The pathway-based biomarkers related to ovarian cancer survival time as well as to breast cancer metastasis yield important stable pathways in both types of datasets (see below), most of which have had independently demonstrated involvement in cancer. In addition, we identify stable pathways between studies on breast cancer on the one hand and ovarian cancer on the other (the cytokine-cytokine receptor interaction, type 1 diabetes mellitus, and hedgehog signaling pathways), all three of which have been demonstrated in a number of independent studies to have significant involvement in cancer (see Results/Discussion). For the diabetes mellitus pathway in particular, the cancer-related immune system arm (involving the HLA family of genes) is the only portion capable of differentiating survival time in ovarian cancer or in determining metastasis in breast cancer.

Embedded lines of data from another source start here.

Lemma policy_le1 h x a : pi h x a <= 1.
Proof.
  have := policy_ge0 h x a1; have := policy_ge0 h x a2; rewrite policy_a1.
  by case: (ActP a) => ->; rewrite ?policy_a1; lra.
Qed.

Lemma occ_ge0 h x : 0 <= occ H pi h x.
Proof.
  elim: h x => [|h IH] x.
    have := Hr_ge2; case: (StP x) => -> /= ?; rewrite /rho /=.
    - by apply: divr_ge0; lra.
    - by apply: divr_ge0; lra.
    - lra.
  have pi0 := policy_ge0 h; have occ0 := IH.
  case: (StP x) => ->; rewrite ?occ_x1S ?occ_x2S ?occ_x3S.
  - by rewrite divr_ge0 ?mulr_ge0.
  - by rewrite addr_ge0 ?divr_ge0 ?mulr_ge0.
  - by rewrite !addr_ge0 ?divr_ge0 ?mulr_ge0 ?addr_ge0 ?divr_ge0.
Qed.

Lemma occ_sum h : occ H pi h x1 + occ H pi h x2 + occ H pi h x3 = 1.
Proof.
  elim: h => [|h IH].
    by rewrite /= /rho /=; field; rewrite Hr_neq0.
  by rewrite occ_x1S occ_x2S occ_x3S !policy_a1 -[RHS]IH; field.
Qed.

Lemma occ_le1 h x : occ H pi h x <= 1.
Proof.
  have := occ_sum h; have := occ_ge0 h x1; have := occ_ge0 h x2; have := occ_ge0 h x3.
  by case: (StP x) => ->; lra.
Qed.

(* Mass leaving [x1] counts at most once in the new potential instead of twice, and
   [x2] keeps at most half of its mass. *)
Lemma escape_potentialS h :
  occ H pi h.+1 x2 + 2 * occ H pi h.+1 x1 <= (occ H pi h x2 + 2 * occ H pi h x1) / 2.
Proof.
  rewrite occ_x1S occ_x2S policy_a1.
  have := mulr_ge0 (occ_ge0 h x2) (policy_ge0 h x2 a1); rewrite policy_a1.
  lra.
Qed.

Lemma escape_potential_le h : 2 ^+ h * (occ H pi h x2 + 2 * occ H pi h x1) <= 1.
Proof.
  elim: h => [|h IH].
    rewrite expr0 mul1r /= /rho /=; have := Hr_ge2 => ?.
    rewrite -subr_ge0 (_ : _ - _ = 1 / (2 * Hr)); last by field; rewrite Hr_neq0.
    by apply: divr_ge0; lra.
  apply: le_trans IH; rewrite exprSr -mulrA.
  by apply: ler_wpM2l; [rewrite exprn_ge0 | have := escape_potentialS h; lra].
Qed.

Lemma occ_x3_ge h : 1 / 2 <= occ H pi h x3.
Proof.
  elim: h => [|h IH]; first by rewrite /= /rho.
  rewrite occ_x3S (policy_a1 h x3) subrK mulr1.
  have := mulr_ge0 (occ_ge0 h x1) (policy_ge0 h x1 a2).
  have := mulr_ge0 (occ_ge0 h x2) (policy_ge0 h x2 a1).
  have := mulr_ge0 (occ_ge0 h x2) (policy_ge0 h x2 a2).
  lra.
Qed.

End Occupancy.

Local Notation db := (occ H (pib (R:=R) H)).

Definition p : R := 1 / Hr ^+ 2.
Definition q : R := (Hr ^+ 2 - 1) / Hr ^+ 2.
Definition c0 : R := (Hr - 1) / (2 * Hr).

Lemma Hr_sqr_ge4 : 4 <= Hr ^+ 2.
Proof. by have := Hr_ge2; rewrite expr2; nra. Qed.

Lemma p_gt0 : 0 < p.
Proof. by rewrite divr_gt0 //; have := Hr_sqr_ge4; lra. Qed.

Lemma p_le_quarter : p <= 1 / 4.
Proof. by rewrite ler_pdivrMr; have := Hr_sqr_ge4; lra. Qed.

Lemma q_eq : q = 1 - p.
Proof. by rewrite /q /p; field; exact: Hr_neq0. Qed.

Lemma c0_gt0 : 0 < c0.
Proof. by have := Hr_ge2 => ?; rewrite divr_gt0 //; lra. Qed.

Lemma pib_a1 h x : pib (R:=R) H h x a1 = p. Proof. by []. Qed.
Lemma pib_a2 h x : pib (R:=R) H h x a2 = q. Proof. by []. Qed.

Lemma pib_policy : policy (pib (R:=R) H).
Proof.
  have := p_gt0; have := p_le_quarter; split=> [h x a|h x].
    by case: (ActP a) => ->; rewrite ?pib_a1 ?pib_a2 ?q_eq; lra.
  by rewrite sum_Act pib_a1 pib_a2 q_eq addrC subrK.
Qed.

Lemma occ_pib_x1 h : db h x1 = c0 * (q / 2) ^+ h.
Proof.
  elim: h => [|h IH]; first by rewrite expr0 mulr1.
  by rewrite occ_x1S IH pib_a2 exprS; field.
Qed.

Lemma occ_pib_x2 h :
  db h x2 = (q / 2) ^+ h * (1 / (2 * Hr) + h%:R / (Hr * (Hr + 1))).
Proof.
  have HrS_neq0 : Hr + 1 != 0 by rewrite natr1 pnatr_eq0.
  elim: h => [|h IH]; first by rewrite expr0 mul0r addr0 mul1r.
  rewrite occ_x2S IH occ_pib_x1 pib_a1 pib_a2 exprS /c0 /p /q -natr1.
  by field; rewrite HrS_neq0 Hr_neq0.
Qed.

Lemma q_half_expr_gt0 h : 0 < (q / 2) ^+ h.
Proof. by rewrite exprn_gt0 // divr_gt0 // q_eq; have := p_le_quarter; lra. Qed.

Lemma occ_pib_gt0 h x : 0 < db h x.
Proof.
  have qh_gt0 := q_half_expr_gt0 h; have := Hr_ge2 => ?; case: (StP x) => ->.
  - by rewrite occ_pib_x1 mulr_gt0 ?c0_gt0.
  - rewrite occ_pib_x2 mulr_gt0 // ltr_pwDl ?divr_gt0 ?divr_ge0 ?mulr_ge0 //; lra.
  - by have := occ_x3_ge pib_policy h; lra.
Qed.

Lemma expr_q_ge h : (h < H)%N -> 3 / 4 <= q ^+ h.
Proof.
  move=> lt_hH; rewrite q_eq; apply: le_trans (bernoulli_le_expr _ _); last first.
    by have := p_le_quarter; lra.
  have h_le : h%:R <= Hr - 1 by rewrite lerBrDr natr1 ler_nat.
  have : h%:R * p <= (Hr - 1) * p by rewrite ler_wpM2r // ltW ?p_gt0.
  have : (Hr - 1) * p <= 1 / 4.
    rewrite /p mulrA mulr1 ler_pdivrMr; last by have := Hr_sqr_ge4; lra.
    by have := Hr_ge2; rewrite expr2; nra.
  lra.
Qed.

Lemma expr_mul_half h : 2 ^+ h * (q / 2) ^+ h = q ^+ h.
Proof. by rewrite -exprMn mulrC divfK ?pnatr_eq0. Qed.

Lemma occ_le_pib pi h x : policy pi -> (h < H)%N -> occ H pi h x <= 8 * Hr * db h x.
Proof.
  move=> pi_pol lt_hH; have := Hr_ge2 => Hr2.
  have t_gt0 : 0 < 2 ^+ h :> R by rewrite exprn_gt0.
  have escape := escape_potential_le pi_pol h.
  have td1 := mulr_ge0 (ltW t_gt0) (occ_ge0 pi_pol h x1).
  have td2 := mulr_ge0 (ltW t_gt0) (occ_ge0 pi_pol h x2).
  have qh := expr_q_ge lt_hH.
  case: (StP x) => ->.
  - rewrite -(ler_pM2l t_gt0) occ_pib_x1.
    have -> : 2 ^+ h * (8 * Hr * (c0 * (q / 2) ^+ h)) = 4 * (Hr - 1) * q ^+ h.
      by rewrite -expr_mul_half /c0; field; exact: Hr_neq0.
    have : 3 / 4 <= (Hr - 1) * q ^+ h by nra.
    nra.
  - rewrite -(ler_pM2l t_gt0) occ_pib_x2.
    set y := h%:R / (Hr * (Hr + 1)).
    have y_ge0 : 0 <= y by rewrite divr_ge0 ?mulr_ge0 //; lra.
    have -> : 2 ^+ h * (8 * Hr * ((q / 2) ^+ h * (1 / (2 * Hr) + y))) =
              q ^+ h * (4 + 8 * Hr * y).
      by rewrite -expr_mul_half; field; exact: Hr_neq0.
    have : 0 <= q ^+ h * (8 * Hr * y) by apply: mulr_ge0; [lra | apply: mulr_ge0; lra].
    nra.
  - have := occ_le1 pi_pol h x3; have := occ_x3_ge pib_policy h; nra.
Qed.

Lemma concentrability_le pi h x a : policy pi -> (h < H)%N ->
  occ H pi h x * pi h x a / (db h x * pib H h x a) <= 8 * Hr ^+ 3.
Proof.
  move=> pi_pol lt_hH; have db_gt0 := occ_pib_gt0 h x.
  have pib_ge_p : p <= pib H h x a.
    by case: (ActP a) => ->; rewrite ?pib_a1 ?pib_a2 ?q_eq //; have := p_le_quarter; lra.
  have p_gt0 := p_gt0.
  rewrite ler_pdivrMr; last by rewrite mulr_gt0 //; lra.
  have occ_ge0 := occ_ge0 pi_pol h x.
  apply: (@le_trans _ _ (occ H pi h x)).
    by rewrite -[leRHS]mulr1 ler_wpM2l ?(policy_le1 pi_pol).
  apply: le_trans (occ_le_pib x pi_pol lt_hH) _.
  have -> : 8 * Hr = 8 * Hr ^+ 3 * p by rewrite /p; field; exact: Hr_neq0.
  rewrite -mulrA; apply: ler_wpM2l.
    by rewrite mulr_ge0 ?exprn_ge0 //; have := Hr_ge2; lra.
  by rewrite mulrC; apply: ler_wpM2l => //; apply: ltW.
Qed.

Ovarian cancer is the fifth leading cause of death from gynecological malignancy in the United States and Western Europe [
20]. The major histological subtypes are classified as mucinous, serous, endometrioid, and clear cell. Among these, serous carcinoma is the most common ovarian cancer subtype [
21]. Carcinoma of the ovary is subclassified into 4 tumor stages defined by how that disease has spread (metastasized) from the original site to other parts of the body. The guidelines defining stages are provided from the International Federation of Gynecology and Obstetrics (FIGO). In particular, in stage IV, cancer has spread beyond the abdomen into tissues in the liver and other organs (NCI, FIGO). Some 75% of all patients with ovarian cancer are commonly diagnosed with stage III/IV disease, for which the 5-year survival rate is only 5% - 30%, with 21 months being the average survival time [
1]. Consequently, a convenient diagnostic for early stage disease [
1,
2] that could be routinely applied has the potential to prolong survival by enabling early intervention. Similarly, the identification of biomarkers that would distinguish short from long term survivors who are on the same therapeutic regimen can help guide therapy.
Similarly, breast cancer has a large impact on health, being the primary cancer which strikes women overwhelmingly, and the second leading cause of cancer death in women. There is high variability in the outcomes and responses to therapies among patients in the same stage of this disease [
22,
23]. Though hormonal and chemo-therapies can significantly reduce the chances of metastases in this disease [
24], predictions of such outcomes based on genomic information have not been implemented in a standardizable way.
Identification of biomarkers differentiating stages or expected survival terms in ovarian cancer, as well as metastasis in breast cancer, can help guide treatment. In this paper, we suggest our standardized pathway-based approach to biomarker analysis for discriminating cancer subtypes as a research tool with strong potential for clinical applications. The methodologies in this paper are validated in the identification of specific stable pathway markers (see below) which differentiate cancer phenotypes and validate previous studies identifying the same pathways and their component genes as significantly linked to cancer.